■ **EXERCISE PROMPT**:
Reproduce exactly the lines below from the one containing "End FairWalk." through the one containing "have := x_opt (fun => x", including both, and nothing else.

_____

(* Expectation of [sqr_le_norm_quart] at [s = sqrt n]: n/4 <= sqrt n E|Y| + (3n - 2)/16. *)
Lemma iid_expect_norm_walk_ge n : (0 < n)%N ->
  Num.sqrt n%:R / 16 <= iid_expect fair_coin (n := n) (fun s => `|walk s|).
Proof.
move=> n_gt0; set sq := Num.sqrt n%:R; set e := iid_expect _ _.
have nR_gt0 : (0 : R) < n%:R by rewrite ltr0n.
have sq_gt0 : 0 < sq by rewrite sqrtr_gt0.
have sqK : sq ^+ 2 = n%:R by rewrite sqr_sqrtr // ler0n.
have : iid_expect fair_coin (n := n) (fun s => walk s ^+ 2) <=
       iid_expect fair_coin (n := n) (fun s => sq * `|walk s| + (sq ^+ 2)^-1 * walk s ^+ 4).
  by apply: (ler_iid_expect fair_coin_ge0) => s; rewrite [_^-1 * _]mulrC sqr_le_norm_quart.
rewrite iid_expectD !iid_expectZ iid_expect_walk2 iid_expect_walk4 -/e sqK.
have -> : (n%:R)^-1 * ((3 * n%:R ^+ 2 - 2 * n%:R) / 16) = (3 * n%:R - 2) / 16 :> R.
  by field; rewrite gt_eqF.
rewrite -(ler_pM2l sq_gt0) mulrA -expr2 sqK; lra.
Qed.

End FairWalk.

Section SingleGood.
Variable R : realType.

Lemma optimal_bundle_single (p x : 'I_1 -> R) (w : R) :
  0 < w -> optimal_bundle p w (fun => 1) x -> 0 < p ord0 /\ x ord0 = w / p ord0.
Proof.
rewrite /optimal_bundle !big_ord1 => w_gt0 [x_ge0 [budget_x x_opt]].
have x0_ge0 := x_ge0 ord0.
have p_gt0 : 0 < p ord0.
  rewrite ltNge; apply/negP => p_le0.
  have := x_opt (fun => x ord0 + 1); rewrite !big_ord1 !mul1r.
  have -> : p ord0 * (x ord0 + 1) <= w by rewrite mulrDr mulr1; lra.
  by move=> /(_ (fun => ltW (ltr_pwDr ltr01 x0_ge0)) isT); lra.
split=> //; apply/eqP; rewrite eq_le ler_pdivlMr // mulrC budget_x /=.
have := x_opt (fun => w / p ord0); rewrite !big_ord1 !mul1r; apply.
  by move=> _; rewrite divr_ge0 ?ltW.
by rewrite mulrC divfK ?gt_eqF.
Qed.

_____

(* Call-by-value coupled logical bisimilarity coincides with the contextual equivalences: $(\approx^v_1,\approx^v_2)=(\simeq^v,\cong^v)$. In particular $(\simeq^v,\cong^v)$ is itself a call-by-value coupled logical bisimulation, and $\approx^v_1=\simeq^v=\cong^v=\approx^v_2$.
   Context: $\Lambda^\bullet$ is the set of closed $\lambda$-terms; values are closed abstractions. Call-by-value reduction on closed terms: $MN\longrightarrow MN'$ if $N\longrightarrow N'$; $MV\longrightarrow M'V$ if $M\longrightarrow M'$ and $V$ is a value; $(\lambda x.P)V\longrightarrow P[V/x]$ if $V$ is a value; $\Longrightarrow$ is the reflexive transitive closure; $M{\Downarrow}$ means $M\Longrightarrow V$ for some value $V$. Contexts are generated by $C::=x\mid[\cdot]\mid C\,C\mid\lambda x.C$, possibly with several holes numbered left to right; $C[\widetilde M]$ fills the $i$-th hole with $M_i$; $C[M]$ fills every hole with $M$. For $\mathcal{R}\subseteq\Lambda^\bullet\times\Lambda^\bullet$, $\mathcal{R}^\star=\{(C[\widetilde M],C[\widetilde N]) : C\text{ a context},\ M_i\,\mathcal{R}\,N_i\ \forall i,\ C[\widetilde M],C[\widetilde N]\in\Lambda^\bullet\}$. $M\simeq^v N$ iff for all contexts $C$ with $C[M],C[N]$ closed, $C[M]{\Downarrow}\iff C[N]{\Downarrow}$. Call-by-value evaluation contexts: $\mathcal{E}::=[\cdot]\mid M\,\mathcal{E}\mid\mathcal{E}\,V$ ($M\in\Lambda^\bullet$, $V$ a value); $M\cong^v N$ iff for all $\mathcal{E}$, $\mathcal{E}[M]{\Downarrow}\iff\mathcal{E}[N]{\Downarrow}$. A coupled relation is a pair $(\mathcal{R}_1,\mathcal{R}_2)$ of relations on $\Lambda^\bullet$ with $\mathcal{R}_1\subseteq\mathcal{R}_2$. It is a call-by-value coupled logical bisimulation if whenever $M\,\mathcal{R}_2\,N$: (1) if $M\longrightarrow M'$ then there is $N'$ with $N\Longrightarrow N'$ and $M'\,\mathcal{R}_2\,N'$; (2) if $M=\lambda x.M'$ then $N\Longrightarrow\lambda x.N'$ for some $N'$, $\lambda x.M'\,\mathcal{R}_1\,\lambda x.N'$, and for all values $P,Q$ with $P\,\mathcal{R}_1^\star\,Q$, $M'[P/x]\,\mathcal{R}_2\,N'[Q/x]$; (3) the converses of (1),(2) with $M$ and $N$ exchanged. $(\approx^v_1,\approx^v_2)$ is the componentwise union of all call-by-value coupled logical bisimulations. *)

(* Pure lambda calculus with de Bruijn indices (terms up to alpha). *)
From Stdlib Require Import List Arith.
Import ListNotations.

_____

■ **EXERCISE ANSWER**:
End FairWalk.

Section SingleGood.
Variable R : realType.

Lemma optimal_bundle_single (p x : 'I_1 -> R) (w : R) :
  0 < w -> optimal_bundle p w (fun => 1) x -> 0 < p ord0 /\ x ord0 = w / p ord0.
Proof.
rewrite /optimal_bundle !big_ord1 => w_gt0 [x_ge0 [budget_x x_opt]].
have x0_ge0 := x_ge0 ord0.
have p_gt0 : 0 < p ord0.
  rewrite ltNge; apply/negP => p_le0.
  have := x_opt (fun => x ord0 + 1); rewrite !big_ord1 !mul1r.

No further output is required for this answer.